The cost of imbalanced fertilisation

  • Fertilisers are essentially food for crops. They, like humans, need nutrients – primary (N, P, K), secondary (S, calcium, magnesium) and micro (iron, zinc, copper, manganese, boron, molybdenum) – for plant growth and grain yield.
  • During the Green Revolution, scientists bred semi-dwarf crop varieties that did not bend or fall over (“lodge”) when their earheads were heavy with well-filled grains. These could, then, “tolerate” fertiliser application and produce more grain with higher doses. Over time, though, crop yield response to fertiliser use has more than halved: 1 kg of NPK nutrients yielded 12.1 kg of cereal grains in India during the 1960s, but only 5 kg during the 2010s (see chart). The underlying reason has been the disproportionate application of N by farmers.
  • More recent research – by Bijay Singh from the department of soil science at Punjab Agricultural University, Ludhiana– has established a decline in nitrogen use efficiency (NUE) itself. NUE refers to the proportion of N applied mainly through urea that is actually utilised by crops to produce harvested yields. Singh, in a 2022, has estimated the NUE in India to have fallen from 48.2% in 1962-63 to 34.7% in 2018. The 34.7% NUE was below the global average of 45.3% and 53.3% for North America in 2018.
  • Simply put, when Indian farmers are applying 100 kg of N, hardly 35 kg is now being utilised, with the balance 65 kg unavailable to the plant. Some of the unutilised N may convert into organic form and become part of the soil nitrogen pool.
  • This soil organic nitrogen may then undergo mineralisation (reconvert into inorganic ammonium form) and become available to the subsequent crops. The remaining unutilised N, however, escapes from the soil-plant system through hydrolysis (breakdown of urea into ammonia gas and its release into the atmosphere) and nitrification (below-the-ground leaching after conversion into nitrate).

The solutions

  • If applying more urea is counterproductive – manifested in diminishing crop yield response to fertilisers and a rising share of applied N getting “lost” through ammonia volatilisation or leaching into the groundwater as nitrate – the obvious solution is to reduce its consumption and promote products containing other nutrients in desired (crop- and soil-specific) combinations.
  • There are two approaches to cut urea consumption.
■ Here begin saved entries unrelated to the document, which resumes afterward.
(* Let $[a,b]\subset[0,1]$, $c\in(0,1]$, $K=\{u\in\mathcal C([0,1]): u\ge 0,\ \min_{t\in[a,b]}u(t)\ge c\|u\|\}$ with the supremum norm $\|\cdot\|$. Assume: (H1) $f:[0,1]\times[0,\infty)\to[0,\infty)$ is such that $f(\cdot,u(\cdot))$ is measurable whenever $u\in\mathcal C([0,1])$, and for each $r>0$ there is $R>0$ with $f(t,u)\le R$ for a.a. $t\in[0,1]$ and all $u\in[0,r]$; (H2) $g$ is measurable and $g\ge 0$ a.e.; (H3) $k:[0,1]\times[0,1]\to[0,\infty)$ is continuous; (H4) there is a measurable $\Phi:[0,1]\to[0,\infty)$ with $\Phi g\in L^1(0,1)$, $\int_a^b\Phi g>0$, $k(t,s)\le\Phi(s)$ for all $t,s\in[0,1]$ and $c\Phi(s)\le k(t,s)$ for $t\in[a,b]$, $s\in[0,1]$. Let $T:K\to K$, $Tu(t)=\int_0^1k(t,s)g(s)f(s,u(s))\,ds$, and let $\mathbb T$ be its closed--convex envelope. Suppose that $\{u\}\cap\mathbb{T}u\subset\{Tu\}$ for all $u\in K\cap\mathbb{T}K$, and that there exist $\rho>0$ and $\varepsilon>0$ such that $f_{\rho,\varepsilon}>M(a,b)$, where $$f_{\rho,\varepsilon}:=\inf_{a\le t\le b,\ c(\rho-\varepsilon)\le u\le \frac{\rho}{c}+\varepsilon}\frac{f(t,u)}{\rho},\qquad \frac1{M(a,b)}:=\inf_{t\in[a,b]}\int_a^bk(t,s)g(s)\,ds.$$ Let $V_\rho=\{u\in K:\min_{a\le t\le b}u(t)<\rho\}$ and $e(t)\equiv1$. Then $u\notin\mathbb{T}u+\lambda e$ for all $u\in\partial V_\rho$ and all $\lambda\ge0$.
   Context: The closed--convex envelope of $T:K\to K$ is $\mathbb{T}u=\bigcap_{\varepsilon>0}\overline{\mathrm{co}}\,T\big(\overline B_\varepsilon(u)\cap K\big)$, with $\overline B_\varepsilon(u)$ the closed ball in $\mathcal C([0,1])$ and $\overline{\mathrm{co}}$ the closed convex hull; $\mathbb TK=\bigcup_{u\in K}\mathbb Tu$ and $\mathbb Tu+\lambda e=\{y+\lambda e:y\in\mathbb Tu\}$. $V_\rho$ is a relatively open subset of $K$ and $\partial V_\rho$ denotes its boundary relative to $K$. *)

(* R : realType; C([0,1]) elements are functions
   R -> R continuous on `[0,1]; all comparisons happen on `[0,1]. *)
From HB Require Import structures.
From mathcomp Require Import all_boot all_order all_algebra.
From mathcomp Require Import all_classical all_reals all_analysis.
Set Implicit Arguments. Unset Strict Implicit. Unset Printing Implicit Defensive.
Import Order.TTheory GRing.Theory Num.Theory.
Import numFieldNormedType.Exports.
Local Open Scope classical_set_scope.
Local Open Scope ring_scope.

Section Defs.
Variable R : realType.

Definition isC (u : R -> R) : Prop := {within `[0, 1], continuous u}.

Definition supnorm (u : R -> R) : R := sup [set `|u t| | t in `[0, 1]].

Definition minab (a b : R) (u : R -> R) : R := inf [set u t | t in `[a, b]].

Definition Kcone (a b c : R) (u : R -> R) : Prop :=
  isC u /\ (forall t, t \in `[0, 1] -> 0 <= u t) /\ c * supnorm u <= minab a b u.

Definition cball (u : R -> R) (e : R) (v : R -> R) : Prop :=
  forall t, t \in `[0, 1] -> `|u t - v t| <= e.

Definition convhull (A : set (R -> R)) (z : R -> R) : Prop :=
  exists n (w : 'I_n -> R) (x : 'I_n -> (R -> R)),
    (forall i, 0 <= w i) /\ \sum_(i < n) w i = 1 /\ (forall i, A (x i)) /\
    z = (fun t => \sum_(i < n) w i * x i t).

Definition clconvhull (A : set (R -> R)) (y : R -> R) : Prop :=
  isC y /\ forall d, 0 < d -> exists z, convhull A z /\ cball y d z.

Definition Top (k : R -> R -> R) (g : R -> R) (f : R -> R -> R) (u : R -> R)
  : R -> R :=
  fun t => \int[@lebesgue_measure R]_(s in `[0, 1]) (k t s * g s * f s (u s)).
The first is raising prices. The current per-tonne MRPs – Rs 5,628 for urea, Rs 27,000 for DAP and Rs 34,000 for MOP – are nowhere compatible with a 4:2:1 NPK use ratio generally considered ideal for Indian soils. But since increasing urea prices isn’t politically easy, a second approach is to improve NUE – enabling farmers to harvest the same or more grain yields with fewer bags.
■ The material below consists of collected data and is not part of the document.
(* Let $\pi$ be a $2$-sortable permutation. Then there exists a sequence of legal operations of the $\mathfrak{D}^2\mathfrak{I}$ machine that sorts $\pi$ and in which every occurrence of $d_0$ (resp. $d_1$, $d_2$) is performed in a configuration where condition ($\gamma$) (resp. ($\beta$), ($\alpha$)) holds.
   Context: The $\mathfrak{D}^2\mathfrak{I}$ machine consists of two decreasing stacks $D_1,D_2$ followed in series by an increasing stack $I$. Elements of $D_1,D_2$ must be in decreasing order from top to bottom (top largest); elements of $I$ in increasing order from top to bottom (top smallest). Operations: $d_0$ pushes the next input element (called $Input$) into $D_1$; $d_1$ moves $Top(D_1)$ to $D_2$; $d_2$ moves $Top(D_2)$ to $I$; $d_3$ pops $Top(I)$ and appends it to the output. An operation is legal if it respects the stack restrictions. A permutation is $2$-sortable if some sequence of legal operations outputs its elements in increasing order. Any comparison involving an empty stack is considered true. Conditions: ($\alpha$) $Top(D_2)<Top(I)$; ($\beta$) $Top(D_2)<Top(D_1)$ and $Top(D_1)<Top(I)$; ($\gamma$) $Top(D_1)<Input$, $Input<Top(I)$, and the sequence of input elements from $Input$ up to the first input element larger than $Top(D_2)$ is increasing. *)

(* Model of the D^2 I machine (two decreasing stacks D1, D2
   in series followed by an increasing stack I). *)
From mathcomp Require Import all_boot.
Set Implicit Arguments. Unset Strict Implicit. Unset Printing Implicit Defensive.

(* Stacks are lists with the top at the head. *)
Record config := Config {
  input : seq nat;   (* remaining input, next element first *)
  D1 : seq nat;
  D2 : seq nat;
  I  : seq nat;
  output : seq nat
}.

Inductive op := d0 | d1 | d2 | d3.

(* Comparison x < y where an empty stack (None) makes the comparison true. *)
Definition olt (x y : option nat) : bool :=
  match x, y with Some a, Some b => a < b | _, _ => true end.

Definition top (s : seq nat) : option nat := ohead s.

Definition step (o : op) (c : config) : option config :=
  match o with
  | d0 =>
    if input c is x :: rest then
      if olt (top (D1 c)) (Some x)
      then Some (Config rest (x :: D1 c) (D2 c) (I c) (output c)) else None
    else None
  | d1 =>
    if D1 c is x :: rest then
      if olt (top (D2 c)) (Some x)
      then Some (Config (input c) rest (x :: D2 c) (I c) (output c)) else None
    else None
  | d2 =>
    if D2 c is x :: rest then
      if olt (Some x) (top (I c))
      then Some (Config (input c) (D1 c) rest (x :: I c) (output c)) else None
    else None
  | d3 =>
    if I c is x :: rest then
      Some (Config (input c) (D1 c) (D2 c) rest (rcons (output c) x))
    else None
  end.

Fixpoint run (ops : seq op) (c : config) : option config :=
  match ops with
  | [::] => Some c
  | o :: ops' => if step o c is Some c' then run ops' c' else None
  end.

Definition init (p : seq nat) : config := Config p [::] [::] [::] [::].

Definition is_perm (p : seq nat) : Prop := perm_eq p (iota 1 (size p)).

Definition sorts (ops : seq op) (p : seq nat) : Prop :=
  run ops (init p) = Some (Config [::] [::] [::] [::] (iota 1 (size p))).

Definition two_sortable (p : seq nat) : Prop := exists ops, sorts ops p.

Definition cond_alpha (c : config) : bool := olt (top (D2 c)) (top (I c)).

Definition cond_beta (c : config) : bool :=
  olt (top (D2 c)) (top (D1 c)) && olt (top (D1 c)) (top (I c)).

(* Condition (gamma): Top(D1) < Input, Input < Top(I), and the input
   sequence from Input up to (and including) the first input element larger
   than Top(D2) is increasing (up to the end of the input if there is no such
   element; if D2 is empty this segment is just [Input]). *)
Definition cond_gamma (c : config) : bool :=
  let inp := input c in
  let k := find (fun x => olt (top (D2 c)) (Some x)) inp in
  [&& olt (top (D1 c)) (top inp), olt (top inp) (top (I c))
    & sorted ltn (take k.+1 inp)].

Definition cond_of (o : op) (c : config) : bool :=
  match o with
  | d0 => cond_gamma c
  | d1 => cond_beta c
  | d2 => cond_alpha c
  | d3 => true
  end.

Fixpoint run_respects (ops : seq op) (c : config) : bool :=
  match ops with
  | [::] => true
  | o :: ops' =>
    cond_of o c && (if step o c is Some c' then run_respects ops' c' else true)
  end.

(* A sorting run can be rebuilt from the front, one operation at a time.
   If the first operation violates its condition, the rest of the run is
   first normalized recursively and then inspected.  A [d1] violating (beta)
   leaves Top(D2) >= Top(I), so no condition-respecting [d1] or [d2] can
   follow before a [d3]; that [d3] commutes with the preceding [d0]s and the
   [d1] and can be done first.  A [d0] violating (gamma) cannot be followed by
   a [d0] satisfying (gamma) nor by a [d1] satisfying (beta), and it commutes
   with a following [d2] or [d3].  Every rerouting starts with a legal
   operation satisfying its condition, and the recursion terminates because
   each operation decreases the total distance of the elements to the output.
   Nothing depends on the run being a sorting one, or on [p] being a
   permutation: any run that empties the machine can be normalized. *)
From mathcomp Require Import all_boot.
From mathcomp Require Import zify.
Set Implicit Arguments. Unset Strict Implicit.

Definition final (out : seq nat) : config := Config [::] [::] [::] [::] out.

Lemma run_cons (o : op) (w : seq op) (c : config) :
  run (o :: w) c = if step o c is Some c' then run w c' else None.
Proof. by []. Qed.

Lemma run_cat (w w' : seq op) (c : config) :
  run (w ++ w') c = if run w c is Some c' then run w' c' else None.
Proof. by elim: w c => [|o w IHw] c //=; case: (step o c). Qed.

Definition potential (c : config) : nat :=
  4 * size (input c) + 3 * size (D1 c) + 2 * size (D2 c) + size (I c).

Lemma potential_step (o : op) (c c' : config) :
  step o c = Some c' -> potential c = (potential c').+1.
Proof.
case: c => [inp l1 l2 i out]; case: o => /=.
- by case: inp => [|z r] //; case: ifP => // _ [<-]; rewrite /potential /=; lia.
- by case: l1 => [|z r] //; case: ifP => // _ [<-]; rewrite /potential /=; lia.
- by case: l2 => [|z r] //; case: ifP => // _ [<-]; rewrite /potential /=; lia.
- by case: i => [|z r] // [<-]; rewrite /potential /=; lia.
Qed.

(* The operations that touch neither I nor the output. *)
Definition upstream (o : op) : bool :=
  match o with d0 | d1 => true | d2 | d3 => false end.

Lemma step_d3_comm (o : op) (c c1 c2 : config) :
  upstream o -> step o c = Some c1 -> step d3 c1 = Some c2 ->
  exists c', step d3 c = Some c' /\ step o c' = Some c2.
Proof.
case: c => [inp l1 l2 i out]; case: o => //= _.
- case: inp => [|z r] //; case: ifP => // lt_z [<-] /=.
  by case: i => [|y i] // [<-]; exists (Config (z :: r) l1 l2 i (rcons out y)); rewrite /= lt_z.
- case: l1 => [|z r] //; case: ifP => // lt_z [<-] /=.
  by case: i => [|y i] // [<-]; exists (Config inp (z :: r) l2 i (rcons out y)); rewrite /= lt_z.
Qed.

Lemma run_d3_comm (w : seq op) (c c1 c2 : config) :
  all upstream w -> run w c = Some c1 -> step d3 c1 = Some c2 ->
  exists c', step d3 c = Some c' /\ run w c' = Some c2.
Proof.
elim: w c => [|o w IHw] c /=; first by move=> _ [->]; exists c2.
move=> /andP[up_o up_w]; case step_o: (step o c) => [c0|] // run_w d3_c1.
have [c0' [d3_c0 run_w']] := IHw c0 up_w run_w d3_c1.
have [c' [d3_c step_o']] := step_d3_comm up_o step_o d3_c0.
by exists c'; rewrite step_o'.
Qed.

Lemma step_d0_d2_comm (c c1 c2 : config) :
  step d0 c = Some c1 -> step d2 c1 = Some c2 ->
  exists c', step d2 c = Some c' /\ step d0 c' = Some c2.
Proof.
case: c => [inp l1 l2 i out] /=.
case: inp => [|z r] //; case: ifP => // lt_z [<-] /=.
case: l2 => [|x l2] //; case: ifP => // lt_x [<-].
by exists (Config (z :: r) l1 l2 (x :: i) out); split; rewrite /= ?lt_x ?lt_z.
Qed.

Lemma step_d2_alpha (c c' : config) : step d2 c = Some c' -> cond_alpha c.
Proof. by case: c => [inp l1 [|x l2] i out] //=; case: ifP. Qed.

Lemma step_d0_alpha (c c' : config) :
  step d0 c = Some c' -> cond_alpha c' = cond_alpha c.
Proof. by case: c => [[|z r] l1 l2 i out] //=; case: ifP => // _ [<-]. Qed.

Lemma step_d1_beta_alpha (c c' : config) :
  step d1 c = Some c' -> cond_beta c -> cond_alpha c.
Proof.
case: c => [inp [|z l1] l2 i out] //= _.
rewrite /cond_beta /cond_alpha /=.
by case: l2 i => [|x l2] [|y i] //= /andP[]; apply: ltn_trans.
Qed.

Lemma step_d1_not_beta (c c' : config) :
  step d1 c = Some c' -> ~~ cond_beta c -> ~~ cond_alpha c'.
Proof.
case: c => [inp [|z l1] l2 i out] //=; case: ifP => // lt_z [<-].
by rewrite /cond_beta /cond_alpha /= lt_z.
Qed.

Lemma step_d0_beta_gamma (c c' : config) :
  step d0 c = Some c' -> cond_beta c' -> cond_gamma c.
Proof.
case: c => [[|z r] l1 l2 i out] //=; case: ifP => // lt_z [<-].
rewrite /cond_beta /cond_gamma /= => /andP[lt_l2z lt_zi].
by rewrite lt_z lt_zi lt_l2z /= take0.
Qed.

(* The (gamma) segment of [c] extends that of [c1] by the pushed element,
   which is smaller than the next input element since that one is pushed too. *)
Lemma step_d0_d0_gamma (c c1 c2 : config) :
  step d0 c = Some c1 -> step d0 c1 = Some c2 -> cond_gamma c1 -> cond_gamma c.
Proof.
case: c => [[|z r] l1 l2 i out] //=; case: ifP => // lt_z [<-] /=.
case: r => [|z' r] //; case: ifP => // lt_zz' _.
rewrite /cond_gamma /= => /and3P[_ lt_z'i sorted_seg].
rewrite lt_z /=; apply/andP; split.
  by case: i lt_z'i => [|y i] //=; apply: ltn_trans.
by case: (olt (top l2) (Some z)) => //=; rewrite lt_zz'.
Qed.

Section Rerouting.

Variable out : seq nat.

Lemma respecting_run_not_alpha (R : seq op) (c : config) :
  ~~ cond_alpha c -> run R c = Some (final out) -> run_respects R c ->
  exists k R', R = nseq k d0 ++ d3 :: R'.
Proof.
elim: R c => [|o R IHR] c not_alpha /=; first by move=> [c_final]; rewrite c_final in not_alpha.
case step_o: (step o c) => [c1|] // run_R /andP[cond_o resp_R].
case: o step_o cond_o => step_o cond_o.
- rewrite -(step_d0_alpha step_o) in not_alpha.
  have [k [R' ->]] := IHR c1 not_alpha run_R resp_R.
  by exists k.+1, R'.
- by rewrite (step_d1_beta_alpha step_o cond_o) in not_alpha.
- by case/negP: not_alpha.
- by exists 0, R.
Qed.

Definition reroutable (c : config) : Prop :=
  exists o c' S, [/\ step o c = Some c', cond_of o c & run S c' = Some (final out)].

Lemma reroute_d0 (c c1 : config) (R : seq op) :
  step d0 c = Some c1 -> ~~ cond_gamma c ->
  run R c1 = Some (final out) -> run_respects R c1 -> reroutable c.
Proof.
move=> step_c not_gamma.
case: R => [|o R] /=.
  move=> [c1_final]; move: step_c; rewrite c1_final.
  by case: c {not_gamma} => [[|z r] l1 l2 i o'] //=; case: ifP.
case step_o: (step o c1) => [c2|] // run_R /andP[cond_o _].
case: o step_o cond_o => step_o cond_o.
- by rewrite (step_d0_d0_gamma step_c step_o cond_o) in not_gamma.
- by rewrite (step_d0_beta_gamma step_c cond_o) in not_gamma.
- have [c' [step_c' step_c'']] := step_d0_d2_comm step_c step_o.
  exists d2, c', (d0 :: R); split=> //; first exact: step_d2_alpha step_c'.
  by rewrite run_cons step_c''.
- have [c' [step_c' step_c'']] := step_d3_comm (o := d0) isT step_c step_o.
  by exists d3, c', (d0 :: R); split=> //; rewrite run_cons step_c''.
Qed.

Lemma reroute_d1 (c c1 : config) (R : seq op) :
  step d1 c = Some c1 -> ~~ cond_beta c ->
  run R c1 = Some (final out) -> run_respects R c1 -> reroutable c.
Proof.
move=> step_c not_beta run_R resp_R.
have [k [R' defR]] := respecting_run_not_alpha (step_d1_not_beta step_c not_beta) run_R resp_R.
move: run_R; rewrite defR run_cat.
case run_k: (run (nseq k d0) c1) => [c3|] //; rewrite run_cons.
case step_c3: (step d3 c3) => [c4|] // run_R'.
have run_w : run (d1 :: nseq k d0) c = Some c3 by rewrite run_cons step_c.
have up_w : all upstream (d1 :: nseq k d0) by rewrite /= all_nseq orbT.
have [c' [step_c' run_c']] := run_d3_comm up_w run_w step_c3.
by exists d3, c', (d1 :: nseq k d0 ++ R'); split=> //; rewrite -cat_cons run_cat run_c'.
Qed.

Lemma reroute (o : op) (c c1 : config) (R : seq op) :
  step o c = Some c1 -> ~~ cond_of o c ->
  run R c1 = Some (final out) -> run_respects R c1 -> reroutable c.
Proof.
case: o => step_c /= not_cond.
- exact: reroute_d0 step_c not_cond.
- exact: reroute_d1 step_c not_cond.
- by rewrite (step_d2_alpha step_c) in not_cond.
- by [].
Qed.

Lemma respecting_run (S : seq op) (c : config) :
  run S c = Some (final out) -> exists R, run R c = Some (final out) /\ run_respects R c.
Proof.
have [n lt_cn] := ubnP (potential c).
elim: n c lt_cn S => // n IHn c lt_cn [|o S] /=; first by move=> run_nil; exists [::].
have IHc o' c' S' : step o' c = Some c' -> run S' c' = Some (final out) ->
    exists R, run R c' = Some (final out) /\ run_respects R c'.
  by move=> /potential_step pot_c; apply: IHn; rewrite -ltnS -pot_c.
case step_o: (step o c) => [c1|] // run_S.
have [R1 [run_R1 resp_R1]] := IHc _ _ _ step_o run_S.
case cond_o: (cond_of o c); first by exists (o :: R1); rewrite /= step_o cond_o.
have [o' [c' [S' [step_c' cond_c' run_S']]]] := reroute step_o (negbT cond_o) run_R1 resp_R1.
have [R' [run_R' resp_R']] := IHc _ _ _ step_c' run_S'.
by exists (o' :: R'); rewrite /= step_c' cond_c'.
Qed.

End Rerouting.

Theorem mainTheorem9 (p : seq nat) :
  is_perm p -> two_sortable p ->
  exists ops : seq op, sorts ops p /\ run_respects ops (init p).
Proof. by move=> _ [ops sorts_ops]; exact: respecting_run sorts_ops. Qed.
  • Fertiliser industry expert G. Ravi Prasad believes that the government should make incorporation of urease and nitrification inhibitors compulsory in urea. These are chemical compounds that inhibit the activity of urease (a soil enzyme that breaks down urea into ammonium and further to ammonia) and nitrifying bacteria (that convert ammonium to nitrate), making more N available to the crops. The government can bear a part of the cost of these chemicals, which are proprietary formulations of global plant nutrient solutions companies such as Koch and BASF.
  • Nano Urea is also primarily aimed at boosting NUE. The ultra-small size of its particles (20-50 nanometers, as against 1-4 millimeters for normal prilled/granular urea; 1 mm=1 million nm) is said to allow easier penetration through the stomatal pores of leaves. IFFCO claims that a single 500-ml Nano Urea bottle containing just 4% N can effectively replace “at least” one 45-kg bag of regular 46% N urea.
  • Nano Urea’s limitation is that, being a liquid fertiliser, it can only be sprayed after the crop has developed leaves. It cannot replace normal urea for basal application at sowing time or even for the early crop growth stages. “Farmers are used to broadcasting fertilisers (uniformly spreading over the field). If the government wants to promote Nano Urea (for foliar application directly to the leaves), it may have to subsidise the cost of spraying,” Prasad pointed out.